## Exercise directions
Scan the records below for the string "entries" and return every line where it appears.

## Data for the task
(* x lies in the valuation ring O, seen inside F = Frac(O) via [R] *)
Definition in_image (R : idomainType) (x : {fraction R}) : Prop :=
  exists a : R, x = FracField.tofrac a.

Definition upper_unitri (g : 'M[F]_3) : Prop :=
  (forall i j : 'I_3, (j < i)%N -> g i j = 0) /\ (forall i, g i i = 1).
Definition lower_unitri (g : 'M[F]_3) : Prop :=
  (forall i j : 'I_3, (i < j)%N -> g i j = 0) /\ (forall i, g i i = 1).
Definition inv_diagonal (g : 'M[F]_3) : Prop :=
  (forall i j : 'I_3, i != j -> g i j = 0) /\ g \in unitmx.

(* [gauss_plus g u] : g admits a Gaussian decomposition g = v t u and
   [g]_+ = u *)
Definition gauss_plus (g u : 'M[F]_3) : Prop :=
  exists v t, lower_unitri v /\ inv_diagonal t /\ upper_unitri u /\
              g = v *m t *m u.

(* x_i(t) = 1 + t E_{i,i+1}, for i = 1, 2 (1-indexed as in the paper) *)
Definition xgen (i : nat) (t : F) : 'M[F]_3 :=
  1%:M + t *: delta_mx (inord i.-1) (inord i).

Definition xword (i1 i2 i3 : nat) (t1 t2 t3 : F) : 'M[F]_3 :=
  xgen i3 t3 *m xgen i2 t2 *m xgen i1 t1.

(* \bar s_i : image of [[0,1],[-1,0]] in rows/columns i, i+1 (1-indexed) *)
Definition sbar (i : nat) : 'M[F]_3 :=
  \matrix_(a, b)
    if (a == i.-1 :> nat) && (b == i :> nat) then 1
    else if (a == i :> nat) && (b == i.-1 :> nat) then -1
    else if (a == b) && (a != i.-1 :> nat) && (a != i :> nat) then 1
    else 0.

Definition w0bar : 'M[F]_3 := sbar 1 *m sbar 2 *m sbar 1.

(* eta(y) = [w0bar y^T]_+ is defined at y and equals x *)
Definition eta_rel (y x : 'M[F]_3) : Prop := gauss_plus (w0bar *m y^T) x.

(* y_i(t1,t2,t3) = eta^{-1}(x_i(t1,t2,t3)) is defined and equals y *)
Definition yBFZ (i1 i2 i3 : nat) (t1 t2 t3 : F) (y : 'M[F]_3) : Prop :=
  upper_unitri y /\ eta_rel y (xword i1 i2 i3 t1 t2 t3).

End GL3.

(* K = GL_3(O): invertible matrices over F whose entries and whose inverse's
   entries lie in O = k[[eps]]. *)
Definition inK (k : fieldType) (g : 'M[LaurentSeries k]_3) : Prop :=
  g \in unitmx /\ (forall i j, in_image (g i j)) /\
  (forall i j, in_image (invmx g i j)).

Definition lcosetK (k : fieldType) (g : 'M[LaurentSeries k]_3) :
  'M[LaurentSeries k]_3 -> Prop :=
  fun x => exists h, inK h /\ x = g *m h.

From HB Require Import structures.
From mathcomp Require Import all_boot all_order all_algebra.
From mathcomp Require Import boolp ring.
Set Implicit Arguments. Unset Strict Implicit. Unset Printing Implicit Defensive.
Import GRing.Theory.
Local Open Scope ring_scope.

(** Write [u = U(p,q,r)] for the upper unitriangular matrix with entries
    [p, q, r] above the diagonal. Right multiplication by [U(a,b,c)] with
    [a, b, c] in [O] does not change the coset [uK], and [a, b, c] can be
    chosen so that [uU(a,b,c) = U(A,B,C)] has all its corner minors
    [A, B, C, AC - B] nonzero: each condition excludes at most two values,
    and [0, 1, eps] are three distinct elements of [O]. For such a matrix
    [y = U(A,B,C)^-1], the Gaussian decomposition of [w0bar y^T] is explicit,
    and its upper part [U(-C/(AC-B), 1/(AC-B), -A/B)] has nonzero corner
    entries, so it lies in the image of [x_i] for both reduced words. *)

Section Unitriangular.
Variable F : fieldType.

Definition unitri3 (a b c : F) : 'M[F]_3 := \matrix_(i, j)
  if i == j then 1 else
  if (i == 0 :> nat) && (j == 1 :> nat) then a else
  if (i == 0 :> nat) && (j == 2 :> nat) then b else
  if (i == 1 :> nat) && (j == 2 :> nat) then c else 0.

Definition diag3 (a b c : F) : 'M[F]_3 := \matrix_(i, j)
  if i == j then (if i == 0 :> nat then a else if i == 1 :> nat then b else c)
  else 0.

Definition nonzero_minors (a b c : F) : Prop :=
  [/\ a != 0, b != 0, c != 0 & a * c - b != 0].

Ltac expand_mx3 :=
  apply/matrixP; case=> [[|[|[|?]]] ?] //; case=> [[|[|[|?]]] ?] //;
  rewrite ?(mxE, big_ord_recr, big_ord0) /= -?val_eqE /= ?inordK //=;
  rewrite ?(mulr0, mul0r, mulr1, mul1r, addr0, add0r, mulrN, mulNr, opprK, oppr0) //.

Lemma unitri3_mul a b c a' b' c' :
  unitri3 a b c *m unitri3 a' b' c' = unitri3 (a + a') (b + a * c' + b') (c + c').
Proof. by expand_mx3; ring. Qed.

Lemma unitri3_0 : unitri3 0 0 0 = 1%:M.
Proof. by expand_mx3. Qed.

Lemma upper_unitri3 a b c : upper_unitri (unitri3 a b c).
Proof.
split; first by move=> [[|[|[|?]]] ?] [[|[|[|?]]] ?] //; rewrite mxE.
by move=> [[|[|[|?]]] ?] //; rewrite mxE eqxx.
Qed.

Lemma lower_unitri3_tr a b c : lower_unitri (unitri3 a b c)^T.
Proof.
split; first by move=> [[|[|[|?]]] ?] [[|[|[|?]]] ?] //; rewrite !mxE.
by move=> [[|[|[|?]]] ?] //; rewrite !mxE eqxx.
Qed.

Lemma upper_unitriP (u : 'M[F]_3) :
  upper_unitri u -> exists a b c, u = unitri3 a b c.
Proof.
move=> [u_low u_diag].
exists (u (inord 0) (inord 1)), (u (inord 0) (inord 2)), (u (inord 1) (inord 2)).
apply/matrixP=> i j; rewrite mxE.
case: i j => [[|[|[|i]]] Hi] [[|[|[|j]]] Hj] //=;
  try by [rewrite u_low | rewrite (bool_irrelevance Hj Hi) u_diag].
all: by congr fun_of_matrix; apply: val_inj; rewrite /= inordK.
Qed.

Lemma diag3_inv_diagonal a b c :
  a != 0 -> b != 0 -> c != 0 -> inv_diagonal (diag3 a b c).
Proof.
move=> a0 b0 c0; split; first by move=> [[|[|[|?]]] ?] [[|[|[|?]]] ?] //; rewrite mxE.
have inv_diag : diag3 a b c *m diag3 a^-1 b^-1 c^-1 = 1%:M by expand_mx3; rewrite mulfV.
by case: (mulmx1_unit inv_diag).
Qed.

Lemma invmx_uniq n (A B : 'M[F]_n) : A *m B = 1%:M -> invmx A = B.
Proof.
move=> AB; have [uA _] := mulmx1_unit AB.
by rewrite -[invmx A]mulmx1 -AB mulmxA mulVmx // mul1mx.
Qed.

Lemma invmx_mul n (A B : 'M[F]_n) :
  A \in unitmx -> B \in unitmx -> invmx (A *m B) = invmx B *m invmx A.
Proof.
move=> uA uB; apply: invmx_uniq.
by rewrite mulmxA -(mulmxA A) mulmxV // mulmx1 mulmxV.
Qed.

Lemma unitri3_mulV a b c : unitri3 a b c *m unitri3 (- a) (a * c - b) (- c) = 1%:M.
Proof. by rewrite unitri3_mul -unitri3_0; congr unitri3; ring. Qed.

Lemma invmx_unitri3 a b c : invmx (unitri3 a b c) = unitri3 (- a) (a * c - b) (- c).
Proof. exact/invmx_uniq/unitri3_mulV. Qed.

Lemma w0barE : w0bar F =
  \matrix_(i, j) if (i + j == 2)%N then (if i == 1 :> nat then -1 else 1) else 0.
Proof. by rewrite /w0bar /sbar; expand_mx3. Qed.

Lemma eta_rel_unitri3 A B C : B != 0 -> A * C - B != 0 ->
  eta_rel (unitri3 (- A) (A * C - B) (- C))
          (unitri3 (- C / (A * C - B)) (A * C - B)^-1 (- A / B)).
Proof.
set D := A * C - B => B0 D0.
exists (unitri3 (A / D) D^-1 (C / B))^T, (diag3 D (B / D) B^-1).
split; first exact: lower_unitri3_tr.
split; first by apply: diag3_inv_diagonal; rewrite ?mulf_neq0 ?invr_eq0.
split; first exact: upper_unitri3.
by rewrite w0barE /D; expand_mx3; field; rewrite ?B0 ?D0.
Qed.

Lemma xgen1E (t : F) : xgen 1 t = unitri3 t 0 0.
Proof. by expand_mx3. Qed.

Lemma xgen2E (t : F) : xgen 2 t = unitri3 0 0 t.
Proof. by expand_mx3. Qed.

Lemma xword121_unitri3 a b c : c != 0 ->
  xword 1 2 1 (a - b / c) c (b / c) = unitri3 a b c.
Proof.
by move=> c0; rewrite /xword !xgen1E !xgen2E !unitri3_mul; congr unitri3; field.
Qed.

## Solution for this task
(* K = GL_3(O): invertible matrices over F whose entries and whose inverse's
   entries lie in O = k[[eps]]. *)
(** Write [u = U(p,q,r)] for the upper unitriangular matrix with entries
    entries, so it lies in the image of [x_i] for both reduced words. *)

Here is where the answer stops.